Lemma has_deriv_on_entry {p q : nat} {a b : R} {u u' : R -> 'M[C]_(p, q)}
    (i : 'I_p) (j : 'I_q) :
  has_deriv_on a b u u' ->
  has_deriv_on a b (fun s => u s i j : C^o) (fun s => u' s i j).
Proof.
move=> du t tI.
have := @continuous_cvg _ _ _ _ _ _ (fun M : 'M[C]_(p, q) => M i j) _
  (@coord_continuous C _ _ i j (u' t)) (du t tI).
move=> H; apply: cvg_trans _ (H (within_dnbhs_filter _ _)).
by apply: near_eq_cvg; apply: filterE => s; rewrite /= !mxE.
Qed.

End DifferenceQuotients.

Section ComplexExponential.
Context {R : realType}.
Local Notation C := (complex R).
Local Notation Re := (@complex.Re R).
Local Notation Im := (@complex.Im R).

Definition cexp (z : C) (t : R) : C :=
  ((expR (Re z * t) * cos (Im z * t)) +i* (expR (Re z * t) * sin (Im z * t)))%C.

Lemma cexp0 z : cexp z 0 = 1.
Proof. by rewrite /cexp !mulr0 expR0 cos0 sin0 mulr1 mulr0. Qed.

Lemma cexpN_mul z t : cexp (- z) t * cexp z t = 1.
Proof.
case: z => x y; rewrite /cexp /= !mulNr expRN cosN sinN.
have ex0 : expR (x * t) != 0 by rewrite gt_eqF ?expR_gt0.
apply/eqP; rewrite eq_complex /=; apply/andP; split; apply/eqP.
- by rewrite -(cos2Dsin2 (y * t)); field.
- by field.
Qed.

Lemma cexpJ z t : (cexp z t)^*%C = cexp (- z^*%C) (- t).
Proof.
case: z => x y; rewrite /cexp /= opprK mulrNN mulrN cosN sinN.
by apply/eqP; rewrite eq_complex /= mulrN !eqxx.
Qed.

Lemma diffq_cexp z t : diffq (cexp z : R -> C^o) t @ t^' --> z * cexp z t.
Proof.
case: z => a b.
have dlin (c : R) : is_derive t 1 (fun s => c * s) c.
  by have := is_deriveZ c (is_derive_id t 1); rewrite [_%:A]mulr1.
have dexp : is_derive t 1 (fun s => expR (a * s)) (expR (a * t) * a).
  exact: is_derive1_comp (is_derive_expR _) (dlin _).
have dcos : is_derive t 1 (fun s => cos (b * s)) (- sin (b * t) * b).
  exact: is_derive1_comp (is_derive_cos _) (dlin _).
have dsin : is_derive t 1 (fun s => sin (b * s)) (cos (b * t) * b).
  exact: is_derive1_comp (is_derive_sin _) (dlin _).
have dRe : is_derive t (1 : R) (fun s : R => expR (a * s) * cos (b * s))
    (a * (expR (a * t) * cos (b * t)) - b * (expR (a * t) * sin (b * t))).
  move: (is_deriveM dexp dcos) => H; apply: (is_derive_eq H).
  by rewrite /GRing.scale /=; ring.
have dIm : is_derive t (1 : R) (fun s : R => expR (a * s) * sin (b * s))
    (a * (expR (a * t) * sin (b * t)) + b * (expR (a * t) * cos (b * t))).
  move: (is_deriveM dexp dsin) => H; apply: (is_derive_eq H).
  by rewrite /GRing.scale /=; ring.
exact: cvg_diffq_complex dRe dIm.
Qed.

Lemma continuous_cexp z : continuous (cexp z : R -> C^o).
Proof. by move=> t; apply: diffq_continuous (diffq_cexp z t). Qed.

End ComplexExponential.

Section LinearODE.
Context {R : realType}.
Local Notation C := (complex R).

Lemma is_derive_0_itv_cst {g : R -> R} {a b : R} :
  {within `[a, b], continuous g} -> (forall x, x \in `]a, b[%R -> is_derive x 1 g 0) ->
  forall t, t \in `[a, b]%R -> g t = g a.
Proof.
move=> gc dg t; rewrite in_itv /= => /andP[aLt tLb].
have der x : x \in `]a, t[%R -> is_derive x 1 g 0.
  rewrite in_itv /= => /andP[ax xt]; apply: dg.
  by rewrite in_itv /= ax (lt_le_trans xt tLb).
have cont : {within `[a, t], continuous g}.
  apply: continuous_subspaceW gc => x /=; rewrite !in_itv /= => /andP[-> xt].
  exact: le_trans xt tLb.
have [c _] := MVT_segment aLt der cont.
by rewrite mul0r => /eqP; rewrite subr_eq0 => /eqP.
Qed.

Lemma has_deriv_on_0_cst {f : R -> C^o} {a b : R} :
  {within [set s | s \in `[a, b]], continuous f} -> has_deriv_on a b f (fun=> 0) ->
  forall t, t \in `[a, b] -> f t = f a.
Proof.
move=> fc df.
suff component_cst (p : C^o -> R) : continuous p ->
    (forall (r : R) z, p (r%:C%C * z) = r * p z) ->
    (forall z w, p (z - w) = p z - p w) ->
    forall t, t \in `[a, b] -> p (f t) = p (f a).
  move=> t tI; apply/eqP; rewrite eq_complex; apply/andP; split; apply/eqP.
    apply: component_cst => // [z|r [x y]|[x y] [x' y']] /=; last by [].
      exact: (@cvg_Re _ _ _ (nbhs_filter z) id z cvg_id).
    by rewrite mul0r subr0.
  apply: component_cst => // [z|r [x y]|[x y] [x' y']] /=; last by [].
    exact: (@cvg_Im _ _ _ (nbhs_filter z) id z cvg_id).
  by rewrite mul0r addr0.
move=> pc pZ pB t /set_mem tI; rewrite set_mem_set in fc.
have p0 : p 0 = 0 by rewrite -(subrr 0) pB subrr.
have gc : {within `[a, b], continuous (p \o f)}.
  by move=> x; apply: continuous_comp (fc x) (pc _).
suff dg x : x \in `]a, b[%R -> is_derive x 1 (p \o f) 0.
  exact: (is_derive_0_itv_cst gc dg t tI).
move=> xab; apply/is_derive_cvg_diffqP.
have xI : x \in `[a, b] by apply/mem_set/subset_itv_oo_cc.
have := @continuous_cvg _ _ _ _ (dnbhs_filter x) _ p _ (pc 0)
  (cvg_dnbhs_itv_interior xab (df x xI)).
rewrite p0 => H; apply: cvg_trans _ H; apply: near_eq_cvg; apply: filterE => s.
by rewrite /= /diffq pZ pB.
Qed.

Lemma continuous_cexpZ (V : normedModType C) (l : C) (y : V) :
  continuous (fun t => cexp l t *: y).
Proof. by move=> t; apply: cvgZ (continuous_cexp l t) (cvg_cst y). Qed.

Lemma has_deriv_on_cexpZ (V : normedModType C) (l : C) (y : V) (a b : R) :
  has_deriv_on a b (fun t => cexp l t *: y) (fun t => cexp l t *: (l *: y)).
Proof.
move=> t _; rewrite scalerA mulrC.
(* [cvgZ] takes its scalars in [C], whose topology is a copy of that of [C^o]. *)
have dq : (fun s => diffq (cexp l : R -> C^o) t s : C) @
    within [set s | s \in `[a, b]] (nbhs t^') --> (l * cexp l t : C).
  exact: cvg_within_filter _ (diffq_cexp l t).
apply: cvg_trans _ (cvgZ dq (cvg_cst y)); apply: near_eq_cvg; apply: filterE => s.
by rewrite /diffq /= -scalerA scalerBl.
Qed.

Lemma linear_ode_solution (v v' : R -> C^o) (l : C) (a b : R) :
  0 \in `[a, b] -> {within [set s | s \in `[a, b]], continuous v} ->
  has_deriv_on a b v v' -> (forall t, t \in `[a, b] -> v' t = l * v t) ->
  forall t, t \in `[a, b] -> v t = cexp l t * v 0.
Proof.
move=> I0 vc dv v'E.
pose G s : C^o := cexp (- l) s * v s.
have Gc : {within [set s | s \in `[a, b]], continuous G}.
  move=> x; apply: continuousM (vc x).
  exact: continuous_subspaceT (continuous_cexp (- l)) x.
have dG : has_deriv_on a b G (fun=> 0).
  move=> x xI; have ex := (continuous_withinNx _ _).1 (continuous_cexp (- l) x).
  have E : - l * cexp (- l) x * v x + cexp (- l) x * v' x = 0 by rewrite v'E //; ring.
  rewrite -E; exact: diffqM (cvg_within_filter _ ex)
    (cvg_within_filter _ (diffq_cexp (- l) x)) (dv x xI).
move=> t tI; have GE := has_deriv_on_0_cst Gc dG.
have vE s : v s = cexp l s * G s.
  by rewrite /G mulrA [_ * cexp _ _]mulrC cexpN_mul mul1r.
by rewrite vE (GE t tI) -(GE 0 I0) /G cexp0 mul1r.
Qed.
★ ★ ★ ★
Of the entries above, repeat exactly the lines from the line with "(f t) = p (f a)." through the line with "by rewrite mul0r subr0.", both of them included.

## RESPONSE TO THE EXERCISE
    forall t, t \in `[a, b] -> p (f t) = p (f a).
  move=> t tI; apply/eqP; rewrite eq_complex; apply/andP; split; apply/eqP.
    apply: component_cst => // [z|r [x y]|[x y] [x' y']] /=; last by [].
      exact: (@cvg_Re _ _ _ (nbhs_filter z) id z cvg_id).
    by rewrite mul0r subr0.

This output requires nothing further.